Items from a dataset

(* Let $S$ be a closed subspace of $\ell_\infty$ with $c_0\subseteq S$. If $S$ has weak$^*$ sequentially compact dual ball, then $S$ is not an $\ell_\infty$-Grothendieck subspace.
   Context: A Banach space $X$ has weak$^*$ sequentially compact dual ball if every sequence in the closed unit ball of $X^*$ has a $\sigma(X^*,X)$-convergent subsequence. Let $S$ be a closed subspace of $\ell_\infty$ containing $c_0$ and let $j:c_0\to S$ be the inclusion map; $j^{**}:c_0^{**}\equiv\ell_\infty\to S^{**}$ identifies $\ell_\infty$ with a subspace of $S^{**}$. A sequence $(x_n^* )$ in $S^*$ is $\sigma(S^*,\ell_\infty)$-convergent to $x^*$ if $\langle j^{**}z,x_n^*\rangle\to\langle j^{**}z,x^*\rangle$ for every $z\in\ell_\infty$. The closed subspace $S$ of $\ell_\infty$ is an $\ell_\infty$-Grothendieck subspace if $c_0\subseteq S$ and every $\sigma(S^*,S)$-convergent sequence in $S^*$ is $\sigma(S^*,\ell_\infty)$-convergent (to the same limit). *)

From HB Require Import structures.
From mathcomp Require Import all_boot all_order all_algebra.
From mathcomp Require Import all_classical all_reals all_analysis.
Set Implicit Arguments. Unset Strict Implicit. Unset Printing Implicit Defensive.
Import Order.TTheory GRing.Theory Num.Theory.
Import numFieldNormedType.Exports.
Local Open Scope classical_set_scope.
Local Open Scope ring_scope.

Section LinfDefs.
Variable R : realType.

Definition bounded_seq (x : nat -> R) : Prop := exists M : R, forall n, `|x n| <= M.

Definition linf_norm (x : nat -> R) : R := sup (range (fun n => `|x n|)).

Definition c0 : set (nat -> R) := [set x | x @ \oo --> (0 : R)].

Definition closed_subspace_linf (S : set (nat -> R)) : Prop :=
  [/\ S `<=` bounded_seq,
      S (fun _ => 0),
      (forall x y, S x -> S y -> S (fun n => x n + y n)),
      (forall (a : R) x, S x -> S (fun n => a * x n)) &
      (forall (xs : nat -> nat -> R) (x : nat -> R),
          (forall k, S (xs k)) -> bounded_seq x ->
          (fun k => linf_norm (fun n => xs k n - x n)) @ \oo --> (0 : R) ->
          S x)].

(* f (only its values on S matter) is an element of the dual S^*:
   a bounded linear functional on S *)
Definition is_dual (S : set (nat -> R)) (f : (nat -> R) -> R) : Prop :=
  [/\ (forall x y, S x -> S y -> f (fun n => x n + y n) = f x + f y),
      (forall (a : R) x, S x -> f (fun n => a * x n) = a * f x) &
      exists C : R, forall x, S x -> `|f x| <= C * linf_norm x].

Definition in_dual_ball (S : set (nat -> R)) (f : (nat -> R) -> R) : Prop :=
  is_dual S f /\ (forall x, S x -> `|f x| <= linf_norm x).

Definition weak_star_cvg (S : set (nat -> R))
    (fs : nat -> (nat -> R) -> R) (f : (nat -> R) -> R) : Prop :=
  forall x, S x -> (fun k => fs k x) @ \oo --> f x.

Definition wstar_seq_compact_ball (S : set (nat -> R)) : Prop :=
  forall fs : nat -> (nat -> R) -> R,
    (forall k, in_dual_ball S (fs k)) ->
    exists phi : nat -> nat, (forall k, (phi k < phi k.+1)%N) /\
      exists f, is_dual S f /\ weak_star_cvg S (fun k => fs (phi k)) f.

Definition unitv (n : nat) : nat -> R := fun m => if m == n then 1 else 0.

(* <j^{**} z, f> for z in l_infty = c_0^{**} and f in S^*:
   j^* f = f|_{c_0} is the l_1 sequence (f e_n)_n, and z acts on it
   by the canonical duality: sum_n z_n f(e_n). *)
Definition jss_pair (z : nat -> R) (f : (nat -> R) -> R) : R :=
  limn (series (fun n => z n * f (unitv n))).

Definition linf_weak_cvg (fs : nat -> (nat -> R) -> R) (f : (nat -> R) -> R) : Prop :=
  forall z, bounded_seq z -> (fun k => jss_pair z (fs k)) @ \oo --> jss_pair z f.

Definition linf_grothendieck (S : set (nat -> R)) : Prop :=
  c0 `<=` S /\
  forall (fs : nat -> (nat -> R) -> R) (f : (nat -> R) -> R),
    (forall k, is_dual S (fs k)) -> is_dual S f ->
    weak_star_cvg S fs f -> linf_weak_cvg fs f.

End LinfDefs.

From mathcomp Require Import all_boot all_order all_algebra.
From mathcomp Require Import all_classical all_reals all_analysis.
Import Order.TTheory GRing.Theory Num.Theory.
Import numFieldNormedType.Exports.
Local Open Scope classical_set_scope.
Local Open Scope ring_scope.

(* The coordinate functionals x |-> x_n lie in the dual ball of S, so some
   subsequence (x |-> x_(phi k))_k is weak* convergent, and the differences
   g_k := x_(phi (2k)) - x_(phi (2k+1)) converge weak* to 0.  Paired with the
   indicator z of {phi (2j) | j} in l_infty, however, every g_k gives 1: the
   restrictions of the g_k to c_0 are e_(phi (2k)) - e_(phi (2k+1)), which
   stay at l_1-distance 2 from 0. *)

Lemma cvg_subr_even_odd (K : numFieldType) (V : normedModType K)
    (u : V ^nat) (l : V) :
  u @ \oo --> l -> (fun k => u (2 * k)%N - u (2 * k).+1) @ \oo --> 0.
Proof.
move=> u_l; rewrite -(subrr l).
have even_oo : muln 2 @ \oo --> \oo by exact: cvg_mulnl.
have odd_oo : (fun k => (2 * k).+1) @ \oo --> \oo.
  by under eq_fun do rewrite -addn1; exact: cvg_comp even_oo (cvg_addnr 1).
exact: cvgB (cvg_comp _ _ even_oo u_l) (cvg_comp _ _ odd_oo u_l).
Qed.

Lemma cvg_cst_neq (K : numFieldType) (a b : K) :
  a != b -> ~ (fun=> a) @ \oo --> b.
Proof.
by move=> /negP ab /cvg_lim; rewrite lim_cst // => ba; apply: ab; rewrite ba.
Qed.

Lemma incr_even_odd_images_disjoint (phi : nat -> nat) :
  (forall k, (phi k < phi k.+1)%N) ->
  forall k, ~ range (fun j => phi (2 * j)%N) (phi (2 * k).+1).
Proof.
move=> phiS k [j _].
move=> /(incn_inj (leq_mono (homo_ltn ltn_trans phiS)))/(congr1 odd).
by rewrite /= !oddM.
Qed.

Section LinfDuality.
Variable R : realType.
Implicit Types (S : set (nat -> R)) (x z : nat -> R).

Lemma linf_norm_ge x n : bounded_seq x -> `|x n| <= linf_norm x.
Proof.
move=> [M xM]; apply: ub_le_sup; last by exists n.
by exists M => _ [m _ <-].
Qed.

Lemma coord_in_dual_ball S (n : nat) :
  S `<=` @bounded_seq R -> in_dual_ball S (fun x => x n).
Proof.
move=> Sb; split; last by move=> x /Sb; exact: linf_norm_ge.
split=> //; exists 1 => x /Sb xb; rewrite mul1r; exact: linf_norm_ge.
Qed.

Lemma is_dual_coordB S (i j : nat) :
  S `<=` @bounded_seq R -> is_dual S (fun x => x i - x j).
Proof.
move=> Sb; split.
- by move=> x y _ _; rewrite opprD addrACA.
- by move=> a x _; rewrite mulrBr.
exists 2 => x /Sb xb; rewrite mulr2n mulrDl mul1r.
by rewrite (le_trans (ler_normB _ _)) // lerD // linf_norm_ge.
Qed.

Lemma is_dual0 S : is_dual S (fun=> 0).
Proof.
split=> [x y _ _|a x _|]; rewrite ?addr0 ?mulr0 //.
by exists 0 => x _; rewrite normr0 mul0r.
Qed.

Lemma sum_mul_unitv z m N : (m < N)%N ->
  \sum_(0 <= n < N) z n * unitv R n m = z m.
Proof.
move=> mN; rewrite big_mkord (bigD1 (Ordinal mN)) //= /unitv eqxx mulr1.
rewrite big1 ?addr0 // => n /eqP nm; rewrite ifN ?mulr0 //.
by apply/eqP => mn; apply: nm; apply: val_inj.
Qed.

Lemma jss_pair_coordB z (i j : nat) :
  jss_pair z (fun x => x i - x j) = z i - z j.
Proof.
rewrite /jss_pair; apply: lim_near_cst => //.
exists (maxn i j).+1 => // n /= ijn.
rewrite /series /=; under eq_bigr do rewrite mulrBr.
by rewrite sumrB !sum_mul_unitv // (leq_trans _ ijn) // ltnS (leq_maxl, leq_maxr).
Qed.

Lemma jss_pair0 z : jss_pair z (fun=> 0) = 0.
Proof.
by rewrite (_ : (fun=> 0) = fun x => x 0%N - x 0%N) ?jss_pair_coordB ?subrr //;
  apply: funext => x; rewrite subrr.
Qed.

Lemma bounded_indic (A : set nat) : bounded_seq (\1_A : nat -> R).
Proof.
by exists 1 => n; rewrite indicE; case: (n \in A); rewrite ?normr1 ?normr0.
Qed.

End LinfDuality.

Theorem proposition3p6 (R : realType) (S : set (nat -> R)) :
  closed_subspace_linf S -> @c0 R `<=` S ->
  wstar_seq_compact_ball S -> ~ linf_grothendieck S.
Proof.
move=> [Sb _ _ _ _] _ wsc [_ groth].
have [phi [phiS [f [_ f_lim]]]] := wsc _ (fun n => coord_in_dual_ball _ _ n Sb).
pose g k := fun x : nat -> R => x (phi (2 * k)%N) - x (phi (2 * k).+1).
have g_wstar0 : weak_star_cvg S g (fun=> 0).
  by move=> x Sx; exact: cvg_subr_even_odd (f_lim x Sx).
pose z : nat -> R := \1_(range (fun j => phi (2 * j)%N)).
have z_even k : z (phi (2 * k)%N) = 1 by rewrite /z indicE mem_set //; exists k.
have z_odd k : z (phi (2 * k).+1) = 0.
  by rewrite /z indicE memNset //; exact: incr_even_odd_images_disjoint.
have g_pair k : jss_pair z (g k) = 1.
  by rewrite jss_pair_coordB z_even z_odd subr0.
have := groth g _ (fun k => is_dual_coordB _ _ _ _ Sb) (is_dual0 _ _) g_wstar0 z
  (bounded_indic _ _).
rewrite jss_pair0; under eq_fun do rewrite g_pair.
by apply: cvg_cst_neq; rewrite oner_eq0.
Qed.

WHAT TO WORK ON
Across the entries above, find the lines with the string "apply" and copy them.

YOUR RESPONSE
by move=> /negP ab /cvg_lim; rewrite lim_cst // => ba; apply: ab; rewrite ba.
move=> [M xM]; apply: ub_le_sup; last by exists n.
by apply/eqP => mn; apply: nm; apply: val_inj.
rewrite /jss_pair; apply: lim_near_cst => //.
  apply: funext => x; rewrite subrr.
by apply: cvg_cst_neq; rewrite oner_eq0.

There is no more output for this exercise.